Penguin Pussy cat
Reading between the lines and looking at the data reveals some further (to our Penguin 4 review) interesting insights about the nature of the current implementation of Google Penguin 4 and the removal of Google Penguin 3. Let me jump in and make some statements:
1) Penguin 4 is no longer a penalty, instead it's as soft as this pussy cat.
2) Google's manual spam team has been largely designed out with Penguin 4!
3) Google are implying that disavow files are now largely redundant (do they get finally it?)
4) Google's new granular formula takes a long time to fully compute and it will take months come in full...
5) Penguin 3 was largely removed around 2nd September to make way for Penguin 4, introduced 23rd Sept
Understanding the changes
In the old format of detecting link spam, (even before Penguin) mostly spam was detected with algorithms that would detect suspicious activity such as multiple links from one IP to another, gaining too many links too quickly, too many (spammy) anchor texts on a domain, spam reports by competitors, etc. then once Google's suspicions had been arisen, the spam team might take a physical look, then kill the linking out domain and leave notes about any penalised target domain, all of this would be totally invisible to the public apart from them seeing ranking changes. As well as they may add a penalty score that would automatically expire after some variable time to the guilty parties.
Google's New Pussy Cat
The new method of detecting link spam improves on these systems and introduces a few massive new changes, that of comparing every new link they find against the entire link graph of that domain and also against all the other sites that are also linked too and looking for any unnatural comparisons. Iterating though arrays of links in such a way is a slow time consuming task; it's a massive task to do on any scale no matter how much computing power you have! BUT, this is the most compelling and intelligent method of finding unnatural links because it is so common that domains that spam have one thing in common, they don't do it in isolation, they do it as a common practice, and these practices can be detected by comparing everything against everything else (read slowly).

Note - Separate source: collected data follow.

Lemma msumrU A B : measurable A -> measurable B -> A `&` B = set0 ->
  msumr P (A `|` B) = msumr P A + msumr P B.
Proof. by move=> mA mB AB; rewrite -big_split; apply: eq_bigr => i _; exact: measrU. Qed.

Lemma le_msumr A B : measurable A -> measurable B -> A `<=` B ->
  msumr P A <= msumr P B.
Proof. by move=> mA mB AB; apply: ler_sum => i _; exact: le_measr. Qed.

Lemma measr_le_msumr i A : measurable A -> P i -> m i A <= msumr P A.
Proof.
move=> mA Pi; rewrite /msumr (bigD1 i) //= lerDl.
by apply: sumr_ge0 => j _; exact: measr_ge0.
Qed.

Lemma msumr_halve Y : measurable Y -> 0 < msumr P Y ->
  exists Z, [/\ measurable Z, Z `<=` Y, 0 < msumr P Z & msumr P Z <= msumr P Y / 2].
Proof.
move=> mY Y0; have [i Pi Yi0] : exists2 i, P i & 0 < m i Y.
  apply: contrapT => noi; move: Y0; rewrite ltNge => /negP; apply.
  by apply: sumr_le0 => i Pi; rewrite leNgt; apply/negP => Yi0; apply: noi; exists i.
have [B [mB BY B0 YB0]] := nonatomic_split (mu_nonatomic i) mY Yi0.
have mYB := measurableD mY mB.
have sumY : msumr P Y = msumr P B + msumr P (Y `\` B).
  rewrite -msumrU ?(setDUK BY) //.
  by apply/seteqP; split=> x // [? []].
have [BY2|] := lerP (msumr P B) (msumr P Y / 2).
  by exists B; split=> //; exact: lt_le_trans B0 (measr_le_msumr mB Pi).
exists (Y `\` B); split=> //.
  exact: lt_le_trans YB0 (measr_le_msumr mYB Pi).
lra.
Qed.

Lemma msumr_small Y eps : measurable Y -> 0 < msumr P Y -> 0 < eps ->
  exists Z, [/\ measurable Z, Z `<=` Y, 0 < msumr P Z & msumr P Z <= eps].
Proof.
move=> mY Y0 eps0.
have halves k : exists Z, [/\ measurable Z, Z `<=` Y, 0 < msumr P Z &
    msumr P Z * 2 ^+ k <= msumr P Y].
  elim: k => [|k [Z [mZ ZY Z0 Zk]]]; first by exists Y; rewrite expr0 mulr1; split.
  have [W [mW WZ W0 WZ2]] := msumr_halve mZ Z0.
  exists W; split=> //; first exact: subset_trans WZ ZY.
  apply: le_trans Zk; rewrite exprS mulrA ler_pM2r ?exprn_gt0 //; lra.
pose k := Num.Def.archi_bound (eps^-1 * msumr P Y).
have [Z [mZ ZY Z0 Zk]] := halves k.
exists Z; split=> //; rewrite -(ler_pM2r (exprn_gt0 k (ltr0Sn _ 1))).
apply: le_trans Zk _; rewrite -ler_pdivrMl //; apply/ltW.
apply: lt_le_trans (archi_boundP _) _.
  by rewrite mulr_ge0 ?invr_ge0 ?msumr_ge0 ?ltW.
by have := ltn_expl k (ltnSn 1); rewrite -(ltr_nat R) natrX => /ltW.
Qed.
Lemma etaELR_nondecreasing r N : nondecreasing_seq (fun K => etaELR r K N).
Proof.
apply/nondecreasing_seqP => K; apply: etaELR_le; first exact: etaELR_ge0.
move=> x p adm; have [t_gt1|t_le1] := ltnP 1 (reserve K x p).
  have [x' [p' [adm' le]]] := ELR_le_split N adm t_gt1.
  exact: le_trans le (etaELR_ge N adm').
by rewrite ELRE /welfare_below big_geq // mul0r etaELR_ge0.
Qed.

Lemma etaELR_cvgn r N : cvgn (fun K => etaELR r K N).
Proof.
apply: nondecreasing_is_cvgn; first exact: etaELR_nondecreasing.
by exists 1 => _ [K _ <-]; exact: etaELR_le1.
Qed.

Lemma lim_etaELR_cvg1 N : (0 < N)%N -> limn (fun K => etaELR r K N) @[r --> +oo] --> (1 : R).
Proof.
move=> N_gt0; apply/cvgrPdist_le => eps eps_gt0.
have H_nd : nondecreasing_seq (series (@harmonic R)).
  by apply: nondecreasing_series => n _ _; exact: harmonic_ge0.
have /cvgryPge/(_ (N%:R / eps)) H_ge := nondecreasing_dvgn_lt H_nd (@dvg_harmonic R).
have [K [K_gt0 HK]] : exists K, (0 < K)%N /\ N%:R / eps <= series (@harmonic R) K.
  by near \oo => K; exists K; split; near: K; [exact: nbhs_infty_gt | exact: H_ge].
have H_gt0 : 0 < series (@harmonic R) K by apply: lt_le_trans HK; rewrite divr_gt0 // ltr0n.
near=> r.
have lim_le1 : limn (fun K => etaELR r K N) <= 1.
  by apply: limr_le; [exact: etaELR_cvgn | apply: nearW => K'; exact: etaELR_le1].
have lim_ge : 1 - N%:R / series harmonic K <= limn (fun K => etaELR r K N).
  apply: le_trans (etaELR_ge_harmonic (r := r) N_gt0 K_gt0 _) _.
    by near: r; apply: nbhs_pinfty_ge; rewrite num_real.
  apply: limr_ge; first exact: etaELR_cvgn.
  by near=> K'; apply: etaELR_nondecreasing; near: K'; exact: nbhs_infty_ge.
rewrite ger0_norm ?subr_ge0 // lerBlDr -lerBlDl; apply: le_trans _ lim_ge.
by rewrite lerB // ler_pdivrMr // mulrC -ler_pdivrMr.
Unshelve. all: by end_near. Qed.
Lemma S_lemma_degenerate :
  (forall x, b x <= 0) ->
  (forall x, unitv x -> b x = 0 -> 0 < q x) ->
  exists2 tau, 0 <= tau & forall x, tau * b x <= q x.
Proof.
move=> bneg q_pos.
suff [tau tau0 tau_le] : exists2 tau, 0 <= tau & forall u, unitv u -> tau * b u <= q u.
  by exists tau => //; apply: Re_qform_le_unit.
have [[z zu]|no_unit] := pselect (exists z : 'cV[C]_n, unitv z); last first.
  by exists 0 => // u uu; case: no_unit; exists u.
(* The minimum d > 0 of h on the unit sphere lets tau = max(0, -min q) / d work. *)
pose h x := Num.max (- b x) (q x).
have h_pos u : unitv u -> 0 < h u.
  move=> uu; rewrite lt_max; have [bu|bu] := eqVneq (b u) 0; first by rewrite q_pos ?orbT.
  by rewrite oppr_gt0 lt_neqAle bu bneg.
have [x0 x0u x0min] : exists2 x0, unitv x0 & forall x, unitv x -> h x0 <= h x.
  apply: unit_sphere_min; last by exists z.
  have bC : real_continuous (fun x => - b x).
    by move=> v; exact: cvgN (real_continuous_Re_qform Mb v).
  by move=> v; exact: continuous_max (bC v) (real_continuous_Re_qform Mq v).
have [x1 x1u x1min] : exists2 x1, unitv x1 & forall x, unitv x -> q x1 <= q x.
  by apply: unit_sphere_min; [apply: real_continuous_Re_qform | exists z].
set d := h x0; have d0 : 0 < d := h_pos _ x0u.
set c := Num.max 0 (- q x1).
have c0 : 0 <= c by rewrite le_max lexx.
have qc : - q x1 <= c by rewrite le_max lexx orbT.
exists (c / d) => [|u uu]; first by rewrite divr_ge0 // ltW.
have du : d <= h u := x0min u uu.
have qu := x1min u uu.
have [bd|bd] := lerP d (- b u).
  have : c <= c / d * (- b u).
    by rewrite -[c in c <= _](divfK (lt0r_neq0 d0)) ler_wpM2l // divr_ge0 // ltW.
  by rewrite mulrN; lra.
have : d <= q u by move: du; rewrite /h le_max => /orP[|//]; lra.
have : 0 <= c / d * (- b u) by rewrite mulr_ge0 ?divr_ge0 ?oppr_ge0 ?bneg // ltW.
by rewrite mulrN; lra.
Qed.

Lemma S_lemma_strict :
  (forall x, unitv x -> 0 <= b x -> 0 < q x) ->
  exists2 tau, 0 <= tau & forall x, tau * b x <= q x.
Proof.
move=> q_pos; have [slater|no_slater] := pselect (exists y, 0 < b y).
  apply: S_lemma => // x; have [->|x0] := eqVneq x 0; first by rewrite !qform0r.
  have [u uu xu] := Re_qform_normalize x0; have s0 := Re_sqnorm_gt0 x0.
  by rewrite !xu !pmulr_rge0 // => /(q_pos _ uu) /ltW.
apply: S_lemma_degenerate => [x|x xu bx]; last by apply: q_pos; rewrite ?bx.
by rewrite leNgt; apply/negP => bx; apply: no_slater; exists x.
Qed.

End SLemma.

Lemma inf_lb_approx (R : realType) (S : set R) (m : R) :
  (forall e, 0 < e -> S (m + e)) -> (forall g, S g -> m <= g) -> inf S = m.
Proof.
move=> Sm mS; have S0 : (S !=set0)%classic by exists (m + 1); apply: Sm.
apply/eqP; rewrite eq_le lb_le_inf // andbT leNgt; apply/negP => mI.
have : inf S <= m + (inf S - m) / 2.
  by apply: ge_inf; [exists m | apply: Sm; rewrite divr_gt0 // subr_gt0].
lra.
Qed.

Section SDP.
Variable R : realType.
Local Notation C := R[i].
Local Notation Re := (@complex.Re R).
Local Notation Im := (@complex.Im R).

Definition sector_form n (A : 'M[C]_n) (t s : R) x :=
  - t * Re (qform A x) + s * Im (qform A x).

Lemma sector_formE n (A : 'M[C]_n) t s x :
  sector_form A t s x = Re (qform (((- t) -i* s) *: A) x).
Proof. by rewrite qformZl /sector_form; case: (qform A x) => a b /=; ring. Qed.

Lemma qform_herm_part n (A : 'M[C]_n) x : qform (herm_part A) x = (Re (qform A x))%:C.
Proof.
by rewrite /herm_part qformZl qformDl -conjc_qform addcJ mulKf // pnatr_eq0.
Qed.

Lemma qform_skew_part n (A : 'M[C]_n) x : qform (skew_part A) x = (Im (qform A x))%:C.
Proof.
rewrite /skew_part qformZl qformDl qformNl -conjc_qform subcJ mulrAC mulKf //.
by rewrite mulf_neq0 ?pnatr_eq0 //; apply/eqP; case; apply/eqP; rewrite oner_eq0.
Qed.

Lemma qform_sdp n (A : 'M[C]_n) (g tau t s : R) x :
  qform (ctr A *m A - g%:C%:M + tau%:C *: (- (t%:C *: herm_part A) + s%:C *: skew_part A)) x
  = (Re (sqnorm (A *m x)) - g * Re (sqnorm x) + tau * sector_form A t s x)%:C.
Proof.
move: (qform_herm_part A x) (qform_skew_part A x).
move: (herm_part A) (skew_part A) => H K qH qK.
rewrite !(qformDl, qformNl, qformZl) qform_ctrM qform_scalar qH qK.
rewrite (sqnorm_real (A *m x)) (sqnorm_real x) /sector_form.
move: (Re _) (Re _) (qform A x) => a b [z1 z2] /=.
by apply/eqP; rewrite eq_complex /=; apply/andP; split; apply/eqP; ring.
Qed.

Lemma lec0R (k : R) : (k%:C <= 0 :> C) = (k <= 0).
Proof. by rewrite lecE /= eqxx. Qed.

Lemma Re_qform_slack n (A : 'M[C]_n) (g : R) x :
  Re (qform (g%:C%:M - ctr A *m A) x) = g * Re (sqnorm x) - Re (sqnorm (A *m x)).
Proof.
rewrite qformDl qformNl qform_scalar qform_ctrM (sqnorm_real x).
by case: (sqnorm (A *m x)) => a b /=; ring.
Qed.

Variables (n : nat) (A : 'M[C]_n) (th s : R).
Local Notation b x := (sector_form A (tan th) s x).
Local Notation N x := (Re (sqnorm (A *m x))).
Local Notation value := (inf (sdp_feasible A th s)).

Lemma sdp_feasible_ub g x :
  sdp_feasible A th s g -> unitv x -> 0 <= b x -> N x <= g.
Proof.
move=> [_ [tau [tau0 tau_nsd]]] xu bx.
have := tau_nsd x; rewrite qform_sdp lec0R xu mulr1.
have : 0 <= tau * b x by rewrite mulr_ge0.
lra.
Qed.

Lemma sdp_feasible_approx mu :
  0 <= mu -> (forall x, unitv x -> 0 <= b x -> N x <= mu) ->
  forall e, 0 < e -> sdp_feasible A th s (mu + e).
Proof.
move=> mu0 mu_ub e e0.
have [|tau tau0 tau_le] := @S_lemma_strict R n (((- tan th) -i* s) *: A)
    ((mu + e)%:C%:M - ctr A *m A).
  by move=> x xu; rewrite -sector_formE Re_qform_slack xu mulr1 => /(mu_ub x xu); lra.
split; first by rewrite addr_ge0 // ltW.
exists tau; split=> // x; rewrite qform_sdp lec0R.
by have := tau_le x; rewrite -sector_formE Re_qform_slack; lra.
Qed.

Lemma sdp_value_max x0 :
  unitv x0 -> 0 <= b x0 -> (forall x, unitv x -> 0 <= b x -> N x <= N x0) -> value = N x0.
Proof.
move=> x0u bx0 x0max; apply: inf_lb_approx => [|g gF].
  exact/sdp_feasible_approx/x0max/Re_sqnorm_ge0.
exact: sdp_feasible_ub gF x0u bx0.
Qed.

Lemma sdp_value_empty : ~ (exists2 x, unitv x & 0 <= b x) -> value = 0.
Proof.
move=> empty; apply: inf_lb_approx => [|g []//].
by apply: sdp_feasible_approx => // x xu bx; case: empty; exists x.
Qed.

Lemma sector_gain_max :
  (exists2 x, unitv x & 0 <= b x) ->
  exists x0, [/\ unitv x0, 0 <= b x0 & forall x, unitv x -> 0 <= b x -> N x <= N x0].
Proof.
move=> [x xu bx]; apply: unit_sphere_max; last by exists x.
- rewrite /real_continuous; under eq_fun do rewrite -qform_ctrM.
  exact: real_continuous_Re_qform.
- rewrite /real_continuous; under eq_fun do rewrite sector_formE.
  exact: real_continuous_Re_qform.
Qed.

Lemma sdp_value_attained :
  (exists2 x, unitv x & 0 <= b x) -> exists x, [/\ unitv x, 0 <= b x & value = N x].
Proof.
by move=> /sector_gain_max[x0 [x0u bx0 x0max]]; exists x0; split=> //; apply: sdp_value_max.
Qed.

Lemma sdp_value_pos_attained :
  0 < value -> exists x, [/\ unitv x, 0 <= b x & value = N x].
Proof.
move=> v0; apply: sdp_value_attained; apply: contrapT => empty.
by move: v0; rewrite sdp_value_empty // ltxx.
Qed.

Lemma sdp_value_ge x : unitv x -> 0 <= b x -> N x <= value.
Proof.
move=> xu bx; have [x0 [x0u bx0 x0max]] := @sector_gain_max (ex_intro2 _ _ x xu bx).
by rewrite (sdp_value_max x0u bx0 x0max) x0max.
Qed.

End SDP.

Section Angles.
Variable R : realType.
Local Notation C := R[i].
Local Notation Re := (@complex.Re R).
Local Notation Im := (@complex.Im R).

Lemma is_angleE (z : C) phi : is_angle z phi ->
  Re z = Num.sqrt (Re z ^+ 2 + Im z ^+ 2) * cos phi /\
  Im z = Num.sqrt (Re z ^+ 2 + Im z ^+ 2) * sin phi.
Proof. by move=> [_ zE]; split; rewrite [in LHS]zE normc_def ?Re_realM ?Im_realM. Qed.

Lemma is_angle_atan (z : C) : 0 < Re z -> is_angle z (atan (Im z / Re z)).
Proof.
case: z => a b /= a0; set u := b / a.
have w0 : 0 < Num.sqrt (1 + u ^+ 2) by rewrite sqrtr_gt0 ltr_pwDl ?sqr_ge0.
have normE : Num.sqrt (a ^+ 2 + b ^+ 2) = a * Num.sqrt (1 + u ^+ 2).
  have -> : a ^+ 2 + b ^+ 2 = a ^+ 2 * (1 + u ^+ 2) by rewrite /u; field; rewrite gt_eqF.
  by rewrite sqrtrM ?sqr_ge0 // sqrtr_sqr ger0_norm // ltW.
set w := Num.sqrt (1 + u ^+ 2) in w0 normE.
have cosu : cos (atan u) = w^-1 by rewrite cos_atan.
have sinu : sin (atan u) = u / w.
  by have := atanK u; rewrite /tan cosu invrK => {2}<-; rewrite mulfK // gt_eqF.
split.
  have pi0 := pi_gt0 R; have := atan_gtNpi2 u; have := atan_ltpi2 u.
  by move=> ? ?; apply/andP; split; lra.
rewrite normc_def /= normE /expj cosu sinu.
apply/eqP; rewrite eq_complex /=; apply/andP; split; apply/eqP.
  by field; rewrite gt_eqF.
by rewrite /u; field; rewrite !gt_eqF.
Qed.

Lemma tan_mul_cos_le_sin (th phi : R) :
  0 <= th < pi / 2 -> th <= phi -> phi * 2 < pi * 3 -> 0 < cos phi ->
  tan th * cos phi <= sin phi.
Proof.
move=> /andP[th0 th_lt] th_phi phi3 cos0; have pi0 := pi_gt0 R.
have cth : 0 < cos th by apply: cos_gt0_pihalf; apply/andP; split; lra.
have phi_lt : phi < pi / 2.
  rewrite ltNge; apply/negP => phi_ge.
  have : 0 <= sin (phi - pi / 2) by apply: sin_ge0_pi; apply/andP; split; lra.
  by rewrite sinBpihalf; lra.
have : 0 <= sin (phi - th) by apply: sin_ge0_pi; apply/andP; split; lra.
by rewrite sinB /tan mulrAC ler_pdivrMr //; lra.
Qed.

Lemma sector_angle_excluded (th s phi : R) (z : C) :
  0 <= th < pi / 2 -> (s = 1 \/ s = -1) -> z != 0 ->
  0 <= - tan th * Re z + s * Im z -> is_angle z phi -> ~ (- th < phi < th).
Proof.
move=> /andP[th0 th_lt] s1 z0 bz /is_angleE[reE imE] /andP[phi1 phi2].
have pi0 := pi_gt0 R.
have cth : 0 < cos th by apply: cos_gt0_pihalf; apply/andP; split; lra.
set rho := Num.sqrt _ in reE imE.
have rho0 : 0 < rho.
  rewrite sqrtr_gt0 lt_def paddr_eq0 ?sqr_ge0 // !sqrf_eq0 addr_ge0 ?sqr_ge0 // andbT.
  apply: contra z0 => /andP[/eqP re0 /eqP im0]; apply/eqP.
  by move: re0 im0; case: (z) => a b /= -> ->.
have : 0 <= s * (sin phi * cos th) - sin th * cos phi.
  have -> : s * (sin phi * cos th) - sin th * cos phi
          = cos th / rho * (- tan th * Re z + s * Im z).
    by rewrite reE imE /tan; field; rewrite !gt_eqF.
  by rewrite mulr_ge0 // divr_ge0 // ltW.
case: s1 => ->; rewrite ?mul1r ?mulN1r.
  have : sin (phi - th) < 0.
    by rewrite -[phi - th]opprK sinN oppr_lt0 sin_gt0_pi //; apply/andP; split; lra.
  by rewrite sinB; lra.
have : 0 < sin (phi + th) by apply: sin_gt0_pi; apply/andP; split; lra.
by rewrite sinD; lra.
Qed.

Google's new method includes a function to classify networks owned by single entities, hence if they discover one entity owns more than one domain, that group of domains will be grouped and classified as a network, these groups will be the key to understanding the value of a link and the system will be able to detect natural links within networks VS unnatural links, according to the commonalties between the domains linked within the networks (read granular), and the accumulative level of suspicion between the two entities (groups).
That means that you will be judged on your total discretions across multiple domains and it's an accumulative penalty not isolated to each domain, that means that the focus is now on all domains owned by one entity and once suspicion has been aroused they will be comparing other related domains and looking for patterns. But all of this focus is more specific to the target domains (domains higher in the ranks) than it is to the general link graph. Because it is Penguin 4 and related to manipulation of search ranks the whole focus is now on removing manipulation and doing it algorithmically, thus there is going to be more white noise or collateral damage with this approach hence it has been necessary to simply remove the positive effects of suspect links rather than actually penalise domains with any certainty.
How accurate can this new method be? (Read Aggressive Tiger or a soft Penguin?)
Because this is a highly intelligent (processing heavy) method of eliminating the effect of manipulation (spam) and the effects of this new system is going to be much more granular and as a result much more effective (read laser precision weapons instead of carpet bombing towns), so much so that the confidence Google has in this new method has allowed Google to retire the old spam team and their old methods no doubt with huge savings on manual labour, offset by the cost of much more processing power now being applied to the problem. This will also mean that the effects on the SERPs will be significantly greater than what has currently been seen in the past, thus in my estimates the noticeable affects will be something like:
Penguin 3: percentage of the SERPS affected 6%
Penguin 4: percentage of the SERPS affected 18%
However the changes will not come into full effect in one huge update, but instead this should take many months to fully recompute the current link graph and then reclassify the link graph as they know it!